Look through the data below and extract, unchanged, the lines from the one that contains "Lemma lgamma_term_derive (k" to the one that contains "- auto_derive; [lra|].", both included.

╭─ DATA TO EXAMINE

Lemma series_sum_derivable (u u' : nat -> R -> R) (C' x : R) :
  0 < x ->
  (forall k y, 0 < y -> derivable_pt_lim (u k) y (u' k y)) ->
  (forall y, 0 < y -> exists C, majorized u C y) ->
  (forall y, x / 2 < y < 3 * x / 2 -> majorized u' C' y) ->
  derivable_pt_lim (series_sum u) x (series_sum u' x).
Proof.
  intros Hx Hder Hu Hu'. set (r := mkposreal (x / 2) ltac:(lra)).
  assert (Hball : forall y, Boule x r y -> x / 2 < y < 3 * x / 2).
  { intros y Hy. unfold Boule in Hy. simpl in Hy. apply Rabs_def2 in Hy. lra. }
  assert (HC' : 0 <= C') by (apply (Hu' x); lra).
  apply (CVU_derivable (SP u) (SP u') (series_sum u) (series_sum u') x r).
  - intros eps Heps. destruct (eventually_small_inv C' eps Heps) as [N HN].
    exists N. intros n y Hn Hy.
    eapply Rle_lt_trans; [apply series_sum_tail, Hu', Hball, Hy | apply HN, Hn].
  - intros y Hy. destruct (Hu y ltac:(pose proof (Hball y Hy); lra)) as [C HC].
    exact (series_sum_cv u C y HC).
  - intros n y Hy. pose proof (Hball y Hy).
    induction n as [|n IH]; [apply Hder; lra|].
    apply (derivable_pt_lim_plus (SP u n) (u (S n))); [exact IH | apply Hder; lra].
  - unfold Boule. rewrite Rminus_diag, Rabs_R0. apply cond_pos.
Qed.

Lemma ln_1p_le (u : R) : -1 < u -> ln (1 + u) <= u.
Proof.
  intros Hu. rewrite <- (ln_exp u) at 2. apply ln_le; [lra | apply exp_ineq1_le].
Qed.

Lemma ln_1p_div_bounds (n y : R) :
  0 < n -> 0 <= y -> ln (1 + y / n) * n <= y /\ y <= ln (1 + y / n) * (n + y).
Proof.
  intros Hn Hy. assert (Hyn : 0 <= y / n) by (apply Rdiv_le_0_compat; lra).
  pose proof (ln_1p_le (y / n) ltac:(lra)) as Hup.
  pose proof (ln_1p_le (- (y / (n + y)))) as Hlow.
  replace (1 + - (y / (n + y))) with (/ (1 + y / n)) in Hlow by (field; lra).
  rewrite ln_Rinv in Hlow by lra.
  assert (Hq : y / (n + y) < 1) by (apply Rlt_div_l; lra).
  specialize (Hlow ltac:(assert (0 <= y / (n + y)) by (apply Rdiv_le_0_compat; lra); lra)).
  split.
  - apply Rle_div_r in Hup; lra.
  - assert (Hlow' : y / (n + y) <= ln (1 + y / n)) by lra. apply Rle_div_l in Hlow'; lra.
Qed.

(* Terms of the series for ln Gamma (Euler's product, termwise logarithm) and
   of its three termwise derivatives. *)
Definition lgamma_term (k : nat) (y : R) : R :=
  match k with
  | O => - ln y
  | S j => y * ln (1 + 1 / INR (S j)) - ln (1 + y / INR (S j))
  end.

Definition digamma_term (k : nat) (y : R) : R :=
  match k with
  | O => - / y
  | S j => ln (1 + 1 / INR (S j)) - / (y + INR (S j))
  end.

Definition trigamma_term (k : nat) (y : R) : R := / (y + INR k) ^ 2.

Definition tetragamma_term (k : nat) (y : R) : R := -2 / (y + INR k) ^ 3.

Lemma lgamma_term_derive (k : nat) (y : R) :
  0 < y -> derivable_pt_lim (lgamma_term k) y (digamma_term k y).
Proof.
  intros Hy. apply is_derive_Reals.
  destruct k as [|j]; unfold lgamma_term, digamma_term; cbv beta iota.
  - auto_derive; [exact Hy | field; lra].
  - pose proof (INR_S_pos j). generalize dependent (INR (S j)); intros n Hn.
    assert (0 < y / n) by (apply Rdiv_lt_0_compat; lra).
    auto_derive; [lra | field; split; [|lra]].
    replace (n + y) with (n * (1 + y / n)) by (field; lra). nra.
Qed.

Lemma digamma_term_derive (k : nat) (y : R) :
  0 < y -> derivable_pt_lim (digamma_term k) y (trigamma_term k y).
Proof.
  intros Hy. apply is_derive_Reals. unfold trigamma_term.
  destruct k as [|j]; unfold digamma_term; cbv beta iota.
  - auto_derive; [lra|]. simpl INR. field; lra.
  - pose proof (INR_S_pos j). generalize dependent (INR (S j)); intros n Hn.
    auto_derive; [lra | field; lra].
Qed.

Lemma trigamma_term_derive (k : nat) (y : R) :
  0 < y -> derivable_pt_lim (trigamma_term k) y (tetragamma_term k y).
Proof.
  intros Hy. apply is_derive_Reals. unfold trigamma_term, tetragamma_term.
  pose proof (pos_INR k). generalize dependent (INR k); intros n Hn.
  auto_derive; [nra | field; lra].
Qed.

Lemma majorized_intro (u : nat -> R -> R) (C y : R) :
  0 <= C ->
  (forall j : nat, let n := INR (S j) in
     -C <= u (S j) y * (n * (n + 1)) <= C) ->
  majorized u C y.
Proof.
  intros HC Hb. split; [exact HC|]. intros [|j] Hj; [lia|].
  pose proof (INR_S_pos j). specialize (Hb j); simpl in Hb.
  rewrite <- (Rabs_pos_eq (INR (S j) * (INR (S j) + 1))) by nra.
  rewrite <- Rabs_mult. apply Rabs_le. exact Hb.
Qed.

Lemma lgamma_majorized (y : R) : 0 < y -> majorized lgamma_term (2 * (y + y ^ 2)) y.
Proof.
  intros Hy. apply majorized_intro; [nra|]. intros j n; unfold lgamma_term; cbv beta iota.
  assert (Hn : 1 <= n) by (unfold n; rewrite S_INR; pose proof (pos_INR j); lra).
  destruct (ln_1p_div_bounds n 1 ltac:(lra) ltac:(lra)) as [A1 A2].
  destruct (ln_1p_div_bounds n y ltac:(lra) ltac:(lra)) as [B1 B2].
  fold n. set (A := ln (1 + 1 / n)) in *. set (B := ln (1 + y / n)) in *.
  split.
  - assert (0 <= y * n * (A * (n + 1) - 1)) by (apply Rmult_le_pos; nra).
    assert (0 <= (n + 1) * (y - B * n)) by (apply Rmult_le_pos; lra).
    nra.
  - assert (0 <= y * (n + 1) * (n + y) * (1 - A * n)) by
      (apply Rmult_le_pos; [apply Rmult_le_pos|]; nra).
    assert (0 <= n * (n + 1) * (B * (n + y) - y)) by (apply Rmult_le_pos; nra).
    apply (Rmult_le_reg_r (n + y)); [lra|]. nra.
Qed.

Lemma digamma_majorized (y : R) : 0 < y -> majorized digamma_term (1 + 2 * y) y.
Proof.
  intros Hy. apply majorized_intro; [lra|]. intros j n; unfold digamma_term; cbv beta iota.
  assert (Hn : 1 <= n) by (unfold n; rewrite S_INR; pose proof (pos_INR j); lra).
  destruct (ln_1p_div_bounds n 1 ltac:(lra) ltac:(lra)) as [A1 A2].
  fold n. set (A := ln (1 + 1 / n)) in *.
  replace ((A - / (y + n)) * (n * (n + 1)))
    with (A * n * (n + 1) - n * (n + 1) / (y + n)) by (field; lra).
  set (Q := n * (n + 1) / (y + n)).
  assert (HQ : Q * (y + n) = n * (n + 1)) by (unfold Q; field; lra).
  assert (Q <= n + 1) by (apply (Rmult_le_reg_r (y + n)); nra).
  assert (n + 1 - 2 * y <= Q) by (apply (Rmult_le_reg_r (y + n)); nra).
  split; nra.
Qed.

Lemma trigamma_majorized (y : R) : 0 < y -> majorized trigamma_term 2 y.
Proof.
  intros Hy. apply majorized_intro; [lra|]. intros j n; unfold trigamma_term.
  assert (Hn : 1 <= n) by (unfold n; rewrite S_INR; pose proof (pos_INR j); lra).
  fold n. replace (/ (y + n) ^ 2 * (n * (n + 1))) with (n * (n + 1) / (y + n) ^ 2) by (field; lra).
  split.
  - assert (0 <= n * (n + 1) / (y + n) ^ 2) by (apply Rdiv_le_0_compat; nra). lra.
  - apply Rle_div_l; nra.
Qed.

Lemma tetragamma_majorized (y : R) : 0 < y -> majorized tetragamma_term 4 y.
Proof.
  intros Hy. apply majorized_intro; [lra|]. intros j n; unfold tetragamma_term.
  assert (Hn : 1 <= n) by (unfold n; rewrite S_INR; pose proof (pos_INR j); lra).
  fold n. replace (-2 / (y + n) ^ 3 * (n * (n + 1))) with (- (2 * (n * (n + 1) / (y + n) ^ 3)))
    by (field; lra).
  assert (0 < (y + n) ^ 3) by (apply pow_lt; lra).
  assert (0 <= n * (n + 1) / (y + n) ^ 3) by (apply Rdiv_le_0_compat; nra).
  assert (n * (n + 1) / (y + n) ^ 3 <= 2).
  { apply Rle_div_l; [lra|].
    assert (n ^ 3 <= (y + n) ^ 3) by (apply pow_incr; lra). nra. }
  lra.
Qed.

Definition LogGamma : R -> R := series_sum lgamma_term.
Definition Digamma : R -> R := series_sum digamma_term.
Definition Trigamma : R -> R := series_sum trigamma_term.
Definition Tetragamma : R -> R := series_sum tetragamma_term.

Lemma LogGamma_derive (x : R) : 0 < x -> derivable_pt_lim LogGamma x (Digamma x).
Proof.
  intros Hx. apply (series_sum_derivable _ _ (1 + 3 * x)); [exact Hx | exact lgamma_term_derive | |].
  - intros y Hy. exists (2 * (y + y ^ 2)). exact (lgamma_majorized y Hy).
  - intros y Hy. apply (majorized_weaken _ (1 + 2 * y)); [apply digamma_majorized|]; lra.
Qed.

Lemma Digamma_derive (x : R) : 0 < x -> derivable_pt_lim Digamma x (Trigamma x).
Proof.
  intros Hx. apply (series_sum_derivable _ _ 2); [exact Hx | exact digamma_term_derive | |].
  - intros y Hy. exists (1 + 2 * y). exact (digamma_majorized y Hy).
  - intros y Hy. apply trigamma_majorized; lra.
Qed.

Lemma Trigamma_derive (x : R) : 0 < x -> derivable_pt_lim Trigamma x (Tetragamma x).
Proof.
  intros Hx. apply (series_sum_derivable _ _ 4); [exact Hx | exact trigamma_term_derive | |].
  - intros y Hy. exists 2. exact (trigamma_majorized y Hy).
  - intros y Hy. apply tetragamma_majorized; lra.
Qed.

Lemma poch_pos (x : R) (n : nat) : 0 < x -> 0 < poch x n.
Proof.
  intros Hx. induction n as [|n IH]; [exact Hx|].
  change (poch x (S n)) with (poch x n * (x + INR (S n))).
  pose proof (INR_S_pos n). apply Rmult_lt_0_compat; lra.
Qed.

╰─

## WRITTEN RESPONSE
Lemma lgamma_term_derive (k : nat) (y : R) :
  0 < y -> derivable_pt_lim (lgamma_term k) y (digamma_term k y).
Proof.
  intros Hy. apply is_derive_Reals.
  destruct k as [|j]; unfold lgamma_term, digamma_term; cbv beta iota.
  - auto_derive; [exact Hy | field; lra].
  - pose proof (INR_S_pos j). generalize dependent (INR (S j)); intros n Hn.
    assert (0 < y / n) by (apply Rdiv_lt_0_compat; lra).
    auto_derive; [lra | field; split; [|lra]].
    replace (n + y) with (n * (1 + y / n)) by (field; lra). nra.
Qed.

Lemma digamma_term_derive (k : nat) (y : R) :
  0 < y -> derivable_pt_lim (digamma_term k) y (trigamma_term k y).
Proof.
  intros Hy. apply is_derive_Reals. unfold trigamma_term.
  destruct k as [|j]; unfold digamma_term; cbv beta iota.
  - auto_derive; [lra|]. simpl INR. field; lra.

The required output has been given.